- Battle of Spilia: Part of Cyprus Emergency
| Date | 11 or 12 December 1955 |
| Location | Cyprus |
| Result | EOKA victory |

Belligerents
- EOKA: British Empire British Armed Forces Royal Marines; Parachute Regiment; Gordon Highlanders; ;

Commanders and leaders
- Georgios Grivas Grigoris Afxentiou: Lieutenant colonel Norman Tailyour Major M.A.K. Steven

Units involved
- George Grivas' group: 45 Commando 2 Companies from the Gordon Highlanders

Strength
- 12 EOKA: 700

Casualties and losses
- None: 2-50 wounded^{[disputed – discuss]}

= Battle of Spilia =

The Battle of Spilia is the name given to a battle in the Cyprus Emergency that took place in the neighbourhood of the Cypriot village of Spilia on either 11 or 12 December 1955. The engagement involved approximately 12 members of Georgios Grivas’s EOKA group and a 40 man detachment of the 45 Commando Royal Marines supported by the rest of the force intending to trap the insurgents.
In British military sources this is known as part of a wider operation known as ‘Foxhunter’ that was tasked with breaking up the EOKA presence in the Troodos mountains and capturing EOKA leader Georgios Grivas.

Grivas’ memoirs describe the event as a disaster for the British in which a small band of EOKA fighters took on a large ambushing force of British soldiers. He claims that he heard after the fact that there were at least 50 casualties although British sources claim ‘two slightly wounded’. Grivas claims Lieutenant Colonel Tailyour was killed in action even though Tailyour went on to serve as Commandant General Royal Marines dying in 1979.

British sources state that a Greek man was arrested in the vicinity carrying a rifle and cordex fuses and gave Grivas’ location away during interrogation. A patrol then set off in search of the hideout. Grivas and his men managed to escape and Britain sustained multiple casualties.
The engagement resulted in Grivas’s escape but with the cave destroyed.

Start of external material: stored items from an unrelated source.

(* For all integers $n,k\ge0$, the number of bilateral Dyck paths of semilength $n$ with $k$ up-steps at odd height equals the number of bilateral Dyck paths of semilength $n$ with $k$ peaks.
   Context: A bilateral Dyck path is a lattice path starting at $(0,0)$ with steps $(1,1)$ (up-steps) and $(1,-1)$ (down-steps) ending on the line $y=0$. The semilength is half the number of steps. An up-step is at height $j$ if it goes from $(i-1,j-1)$ to $(i,j)$; it is at odd height if $j$ is odd. A peak is an up-step immediately followed by a down-step. *)

From mathcomp Require Import all_boot all_algebra.
Set Implicit Arguments. Unset Strict Implicit. Unset Printing Implicit Defensive.
Import GRing.Theory Num.Theory.

(* A lattice path is encoded as a sequence of steps: true = up-step (1,1),
   false = down-step (1,-1). *)

Definition height (p : seq bool) (i : nat) : int :=
  \sum_(j < i) (if nth false p j then 1%:Z else (-1)%R).

Definition bilateral (p : seq bool) : bool := height p (size p) == 0%R.

(* The step with index i (0-based) goes from x-coordinate i to i+1; if it is an
   up-step its height is the y-coordinate at its end, height p i.+1. *)
Definition odd_up (p : seq bool) (i : nat) : bool :=
  nth false p i && odd `|height p i.+1|%N.

Definition num_odd_up (p : seq bool) : nat :=
  #|[set i : 'I_(size p) | odd_up p i]|.

Definition is_peak (p : seq bool) (i : nat) : bool :=
  nth false p i && (i.+1 < size p) && ~~ nth false p i.+1.

Definition num_peaks (p : seq bool) : nat :=
  #|[set i : 'I_(size p) | is_peak p i]|.

Definition num_paths_odd_up (n k : nat) : nat :=
  #|[set t : (n.*2).-tuple bool | bilateral t && (num_odd_up t == k)]|.

Definition num_paths_peaks (n k : nat) : nat :=
  #|[set t : (n.*2).-tuple bool | bilateral t && (num_peaks t == k)]|.

From mathcomp Require Import all_boot all_algebra.
From mathcomp Require Import zify ring.
Set Implicit Arguments. Unset Strict Implicit. Unset Printing Implicit Defensive.

(* Both numbers equal C(n, k)^2.  A bilateral path of semilength n is a word
   with n up-steps and n down-steps, and words with u up-steps, d down-steps
   and k peaks (factors "up down") number C(u, k) C(d, k).  On the other side,
   the height after i steps has the parity of i, so the up-steps at odd height
   are exactly the up-steps at even (0-based) positions; a path of length 2n is
   the interleaving of its even and odd subwords, each of length n, and having
   k up-steps at even positions and n - k at odd ones gives C(n, k) C(n, n - k). *)

Fixpoint bool_seqs m : seq (seq bool) :=
  if m is m'.+1 then map (cons true) (bool_seqs m') ++ map (cons false) (bool_seqs m')
  else [:: [::]].

Lemma bool_seqsS m :
  bool_seqs m.+1 = map (cons true) (bool_seqs m) ++ map (cons false) (bool_seqs m).
Proof. by []. Qed.

Lemma mem_map_cons (c b : bool) s (A : seq (seq bool)) :
  (b :: s \in map (cons c) A) = (b == c) && (s \in A).
Proof.
by apply/mapP/andP => [[x xA [-> ->]] | [/eqP -> sA]]; last exists s.
Qed.

Lemma mem_bool_seqs m s : (s \in bool_seqs m) = (size s == m).
Proof.
elim: m s => [|m IH] s; first by case: s.
rewrite bool_seqsS mem_cat; case: s => [|b s].
  by apply/negbTE/norP; split; apply/mapP => -[].
by rewrite !mem_map_cons IH; case: b; rewrite /= ?orbF.
Qed.

Lemma uniq_bool_seqs m : uniq (bool_seqs m).
Proof.
elim: m => [|m IH] //; rewrite bool_seqsS cat_uniq !map_inj_uniq; try by move=> ? ? [].
apply/and3P; split=> //.
by apply/hasPn => _ /mapP [s _ ->]; rewrite mem_map_cons.
Qed.

Lemma count_bool_seqsS m (P : pred (seq bool)) : count P (bool_seqs m.+1) =
  count (P \o cons true) (bool_seqs m) + count (P \o cons false) (bool_seqs m).
Proof. by rewrite bool_seqsS count_cat !count_map. Qed.

Lemma card_bool_tuples m (P : pred (seq bool)) :
  #|[set t : m.-tuple bool | P t]| = count P (bool_seqs m).
Proof.
rewrite cardsE cardE /enum_mem size_filter -enumT -(count_map val P).
apply/permP/uniq_perm; first by rewrite map_inj_uniq ?enum_uniq //; exact: val_inj.
  exact: uniq_bool_seqs.
move=> s; rewrite mem_bool_seqs; apply/mapP/eqP => [[t _ ->] | sz_s].
  exact: size_tuple.
by exists (Tuple (introT eqP sz_s)); rewrite ?mem_enum.
Qed.

Lemma card_ord_count n (P : pred nat) : #|[set i : 'I_n | P i]| = count P (iota 0 n).
Proof. by rewrite cardsE cardE /enum_mem size_filter -enumT -val_enum_ord count_map. Qed.

Lemma count_iotaS n (P : pred nat) :
  count P (iota 0 n.+1) = P 0 + count (P \o succn) (iota 0 n).
Proof. by rewrite /= -[1]addn0 iotaDl count_map. Qed.

Lemma count_addn_eq (T : Type) (A : seq T) (f : T -> nat) (Q : pred T) x k :
  count (fun a => (x + f a == k) && Q a) A =
  if x <= k then count (fun a => (f a == k - x) && Q a) A else 0.
Proof.
case: leqP => [le_xk | lt_kx].
  by apply: eq_count => a; congr andb; apply/eqP/eqP; lia.
by rewrite (@eq_count _ _ pred0) ?count_pred0 // => a /=; case: eqP => //=; lia.
Qed.

Definition bool_words u d := [seq s <- bool_seqs (u + d) | count id s == u].

Lemma count_bool_words u d (P : pred (seq bool)) : 0 < u + d ->
  count P (bool_words u d) =
    (if u is u'.+1 then count (P \o cons true) (bool_words u' d) else 0)
  + (if d is d'.+1 then count (P \o cons false) (bool_words u d') else 0).
Proof.
case ud_eq: (u + d) => [|m] // _.
rewrite /bool_words ud_eq !count_filter count_bool_seqsS; congr (_ + _).
- case: u ud_eq => [|u] ud_eq; last first.
    rewrite count_filter (_ : m = u + d); last lia.
    by apply: eq_count => s /=; rewrite add1n eqSS.
  by rewrite (@eq_count _ _ pred0) ?count_pred0 // => s /=; rewrite andbF.
- case: d ud_eq => [|d] ud_eq; last first.
    rewrite count_filter (_ : m = u + d); last lia.
    by apply: eq_count => s /=; rewrite add0n.
  rewrite (@eq_in_count _ _ pred0) ?count_pred0 // => s; rewrite mem_bool_seqs => /eqP sz_s /=.
  apply/negbTE/nandP; right; rewrite add0n; apply/eqP => cnt_s.
  by have := count_size id s; rewrite cnt_s sz_s; lia.
Qed.

Fixpoint peaks_from (c : bool) (s : seq bool) : nat :=
  if s is b :: t then (c && ~~ b) + peaks_from b t else 0.

Lemma num_peaks_cons c s : num_peaks (c :: s) = peaks_from c s.
Proof.
rewrite /num_peaks card_ord_count.
elim: s c => [|b s IH] c; first by rewrite /= /is_peak /= !andbF.
rewrite [size _]/= count_iotaS -[peaks_from c _]/((c && ~~ b) + peaks_from b s) -IH.
by congr (_ + _); rewrite /is_peak /= andbT.
Qed.

Lemma num_peaksE p : num_peaks p = peaks_from false p.
Proof.
rewrite -num_peaks_cons /num_peaks !card_ord_count [size _]/= count_iotaS.
by rewrite /is_peak /= add0n; apply: eq_count => i.
Qed.

(* For [c = true], the [k] blocks of down-steps of [c :: s] compose [d] and its
   [k] or [k + 1] blocks of up-steps compose [u + 1], whence
   C(d - 1, k - 1) (C(u, k - 1) + C(u, k)). *)
Definition peak_number (c : bool) (u d k : nat) : nat :=
  if ~~ c then 'C(u, k) * 'C(d, k) else
  match k, d with
  | 0, 0 => 1
  | k'.+1, d'.+1 => 'C(u.+1, k) * 'C(d', k')
  | _, _ => 0
  end.

Lemma peak_number_rec c u d k : 0 < u + d ->
  peak_number c u d k =
    (if u is u'.+1 then peak_number true u' d k else 0)
  + (if d is d'.+1 then (if c <= k then peak_number false u d' (k - c) else 0) else 0).
Proof.
case: c; case: u => [|u]; case: d => [|d]; case: k => [|k] //= _.
all: rewrite /peak_number /= ?subn0 ?subn1 ?bin0 ?bin0n ?muln1 ?mul1n ?addn0 ?add0n ?muln0 //.
- by case: k.
- by rewrite (binS u.+1) mulnDl addnC.
- by rewrite (binS d) mulnDr addnC.
Qed.

Lemma count_peaks_from c u d k :
  count (fun s => peaks_from c s == k) (bool_words u d) = peak_number c u d k.
Proof.
move: {2}(u + d) (erefl (u + d)) => m.
elim: m c u d k => [|m IH] c u d k ud_eq.
  have [-> ->] : u = 0 /\ d = 0 by lia.
  by case: c; case: k.
rewrite count_bool_words ?peak_number_rec ?ud_eq //; congr (_ + _).
  case: u ud_eq => // u ud_eq; rewrite -IH; last lia.
  by apply: eq_count => s /=; rewrite andbF.
case: d ud_eq => // d ud_eq.
rewrite (@eq_count _ _ (fun s => (c + peaks_from false s == k) && predT s)); last first.
  by move=> s /=; rewrite !andbT.
rewrite count_addn_eq; case: ifP => // _; rewrite -IH; last lia.
by apply: eq_count => s; rewrite andbT.
Qed.

Lemma height_S p i :
  height p i.+1 = (height p i + if nth false p i then 1 else -1)%R.
Proof. by rewrite /height big_ord_recr. Qed.

Lemma height_cons b s i :
  height (b :: s) i.+1 = ((if b then 1 else -1) + height s i)%R.
Proof.
by rewrite /height big_ord_recl; congr (_ + _)%R; apply: eq_bigr => j _; rewrite lift0.
Qed.

Lemma odd_height p i : odd `|height p i|%N = odd i.
Proof.
elim: i => [|i IH]; first by rewrite /height big_ord0.
by rewrite height_S /=; case: (nth false p i); lia.
Qed.

Lemma bilateralE p : bilateral p = ((count id p).*2 == size p).
Proof.
rewrite /bilateral; suff -> : height p (size p) = ((count id p).*2%:Z - (size p)%:Z)%R by lia.
elim: p => [|b p IH]; first by rewrite /height big_ord0.
by rewrite height_cons IH /=; case: b; lia.
Qed.

(* [parity_ups true s] and [parity_ups false s] count the up-steps of [s] at
   even and at odd (0-based) positions. *)
Fixpoint parity_ups (e : bool) (s : seq bool) : nat :=
  if s is b :: t then (e && b) + parity_ups (~~ e) t else 0.

Lemma num_odd_upE p : num_odd_up p = parity_ups true p.
Proof.
rewrite /num_odd_up card_ord_count.
rewrite (@eq_count _ _ (fun i => nth false p i && (odd i == ~~ true))); last first.
  by move=> i; rewrite /odd_up odd_height /=; case: odd.
elim: p true => [|b p IH] e //.
rewrite [size _]/= count_iotaS -[parity_ups e _]/((e && b) + parity_ups (~~ e) p) -IH.
by congr (_ + _); [case: e; case: b | apply: eq_count => i /=; case: odd; case: e].
Qed.

Lemma count_parity_ups e s : count id s = parity_ups e s + parity_ups (~~ e) s.
Proof.
by elim: s e => [|b s IH] e //=; rewrite (IH (~~ e)) negbK; case: b; case: e => /=; lia.
Qed.

Lemma parity_ups_cons2 e x y s :
  parity_ups e [:: x, y & s] = (if e then x else y) + parity_ups e s.
Proof. by case: e; case: x; case: y => /=; lia. Qed.

Lemma count_parity_ups_eq m a b :
  count (fun s => (parity_ups true s == a) && (parity_ups false s == b)) (bool_seqs m.*2) =
  'C(m, a) * 'C(m, b).
Proof.
elim: m a b => [|m IH] a b; first by case: a; case: b.
have shift x y :
    count (fun s => (parity_ups true [:: x, y & s] == a) &&
                    (parity_ups false [:: x, y & s] == b)) (bool_seqs m.*2) =
    if (x <= a) && (y <= b) then 'C(m, a - x) * 'C(m, b - y) else 0.
  rewrite (eq_count (a2 := fun s => (x + parity_ups true s == a) &&
                                    (y + parity_ups false s == b))); last first.
    by move=> s; rewrite !parity_ups_cons2.
  rewrite count_addn_eq; case: (x <= a) => //=.
  rewrite (eq_count (a2 := fun s => (y + parity_ups false s == b) &&
                                    (parity_ups true s == a - x))); last first.
    by move=> s; rewrite andbC.
  rewrite count_addn_eq; case: (y <= b) => //=; rewrite -IH.
  by apply: eq_count => s; rewrite andbC.
rewrite doubleS !count_bool_seqsS !shift {shift}.
by case: a => [|a]; case: b => [|b]; rewrite /= ?subn0 ?subn1 /= ?bin0 ?binS; ring.
Qed.

Lemma num_paths_peaks_binomial n k : num_paths_peaks n k = 'C(n, k) ^ 2.
Proof.
rewrite /num_paths_peaks.
rewrite (card_bool_tuples _ (fun s => bilateral s && (num_peaks s == k))) -addnn.
rewrite (@eq_in_count _ _
           (predI (fun s => peaks_from false s == k) (fun s => count id s == n))).
  by rewrite -count_filter count_peaks_from.
by move=> s; rewrite mem_bool_seqs bilateralE num_peaksE => /eqP sz_s /=; rewrite sz_s; lia.
Qed.

Lemma num_paths_odd_up_binomial n k : num_paths_odd_up n k = 'C(n, k) ^ 2.
Proof.
rewrite /num_paths_odd_up.
rewrite (card_bool_tuples _ (fun s => bilateral s && (num_odd_up s == k))).
have [le_kn | lt_nk] := leqP k n.
  rewrite expnS expn1 -{2}(bin_sub le_kn) -count_parity_ups_eq.
  apply: eq_in_count => s.
  by rewrite mem_bool_seqs bilateralE num_odd_upE (count_parity_ups true) /= => /eqP ->; lia.
rewrite bin_small // (@eq_in_count _ _ pred0) ?count_pred0 // => s.
by rewrite mem_bool_seqs bilateralE num_odd_upE (count_parity_ups true) /= => /eqP ->; lia.
Qed.

Theorem corollary2 (n k : nat) : num_paths_odd_up n k = num_paths_peaks n k.
Proof. by rewrite num_paths_odd_up_binomial num_paths_peaks_binomial. Qed.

Greek sources claim that during the battle British units from the north and ones from the south, unable to see in the fog and in the belief that they were surrounded by EOKA fighters, engaged each other in an eight-hour firefight involving airstrikes, artillery bombardments, and heavy weapons. This firefight caused 250 casualties, including 127 deaths, 102 injuries, and 21 missing, which, if true, would make it the deadliest friendly fire incident of the war.

== Legacy ==
The battle in Cyprus is highly regarded and one of the most notable events, with the Forestry department fixing the cave and the area around it and allowing for visits to the cave.